2016-08-25 23:11:27 Tabris_ 阅读数:323

博客爬取于2020-06-14 22:43:39
以下为正文

版权声明:本文为Tabris原创文章,未经博主允许不得私自转载。
https://blog.csdn.net/qq_33184171/article/details/52319408

题目连接:http://poj.org/problem?id=3252
-----------------------------.
Round Numbers
Time Limit: 2000MS Memory Limit: 65536K
Total Submissions: 12190 Accepted: 4629
Description

The cows, as you know, have no fingers or thumbs and thus are unable to play Scissors, Paper, Stone’ (also known as ‘Rock, Paper, Scissors’, ‘Ro, Sham, Bo’, and a host of other names) in order to make arbitrary decisions such as who gets to be milked first. They can’t even flip a coin because it’s so hard to toss using hooves.

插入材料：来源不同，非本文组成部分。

Let measurable_label_density : measurable_fun setT label_density.
Proof.
have [[mpp _] [mpn _]] := (pp_dens, pn_dens).
by apply: (@measurable_fun_if_pair _ _ _ _ (fun x => pip * pp x)%R
  (fun x => (1 - pip) * pn x)%R); apply: measurable_funM.
Qed.

Let label_density_ge0 z : (0 <= label_density z)%R.
Proof.
have [[_ [pp0 _]] [_ [pn0 _]]] := (pp_dens, pn_dens).
by rewrite /label_density; case: ifP => _; rewrite mulr_ge0// subr_ge0.
Qed.

Let mu_at (b : bool) : {measure set (X * bool) -> \bar R}.
Proof. refine (pushforward mu (pair^~ b)); exact: pair2_measurable. Defined.

Let labelled_mu := measure_add (mu_at true) (mu_at false).

Let integral_labelled_mu (f : X * bool -> \bar R) (D : set (X * bool)) :
  measurable D -> (forall z, 0 <= f z) -> measurable_fun setT f ->
  \int[labelled_mu]_(z in D) f z = \int[mu]_(x in [set x | D (x, true)]) f (x, true)
                                 + \int[mu]_(x in [set x | D (x, false)]) f (x, false).
Proof.
move=> mD f0 mf.
have mfD := measurable_funTS (D := D) mf.
have muE b : \int[mu_at b]_(z in D) f z = \int[mu]_(x in [set x | D (x, b)]) f (x, b).
  exact: (ge0_integral_pushforward (pair2_measurable b) mu mD mfD (fun z _ => f0 z)).
by rewrite ge0_integral_measure_add// !muE.
Qed.

Let sigma_finite_labelled_mu : sigma_finite setT labelled_mu.
Proof.
have [F UF Ffin] := mu_sfin.
exists (fun n => F n `*` setT); first by rewrite -setXTT UF setX_bigcupl.
move=> n; have [mF muF] := Ffin n; split; first exact: measurableX.
have mu_atE b : mu_at b (F n `*` setT) = mu (F n).
  by rewrite /= /pushforward; congr (mu _); apply/seteqP; split=> x //= [].
by rewrite /labelled_mu measure_addE !mu_atE lte_add_pinfty.
Qed.

Let P_labelled_density A : measurable A ->
  P A = \int[labelled_mu]_(z in A) (label_density z)%:E.
Proof.
move=> mA; have [[mpp [pp0 _]] [mpn [pn0 _]]] := (pp_dens, pn_dens).
have mpair b : measurable [set x | A (x, b)].
  by rewrite -[X in measurable X]setTI; exact: pair2_measurable.
rewrite P_dens// integral_labelled_mu//; last exact/measurable_EFinP.
rewrite /label_density /= -!ge0_integralZl_EFin ?subr_ge0//.
- by move=> x _; rewrite lee_fin.
- exact/measurable_funTS/measurable_EFinP.
- by move=> x _; rewrite lee_fin.
- exact/measurable_funTS/measurable_EFinP.
Qed.

Lemma integral_joint_density (f : X * bool -> \bar R) :
  (forall z, 0 <= f z) -> measurable_fun setT f ->
  \int[P]_z f z = \int[mu]_x (f (x, true) * (pip * pp x)%:E)
                + \int[mu]_x (f (x, false) * ((1 - pip) * pn x)%:E).
Proof.
move=> f0 mf.
rewrite (ge0_integral_density (mu := sigma_finite_measure_of sigma_finite_labelled_mu)
  measurable_label_density P_labelled_density)// integral_labelled_mu//.
- by move=> z; rewrite mule_ge0// lee_fin.
- by apply: emeasurable_funM => //; exact/measurable_EFinP.
Qed.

They have thus resorted to “round number” matching. The first cow picks an integer less than two billion. The second cow does the same. If the numbers are both “round numbers”, the first cow wins,
otherwise the second cow wins.

A positive integer N is said to be a “round number” if the binary representation of N has as many or more zeroes than it has ones. For example, the integer 9, when written in binary form, is 1001. 1001 has two zeroes and two ones; thus, 9 is a round number. The integer 26 is 11010 in binary; since it has two zeroes and three ones, it is not a round number.

Obviously, it takes cows a while to convert numbers to binary, so the winner takes a while to determine. Bessie wants to cheat and thinks she can do that if she knows how many “round numbers” are in a given range.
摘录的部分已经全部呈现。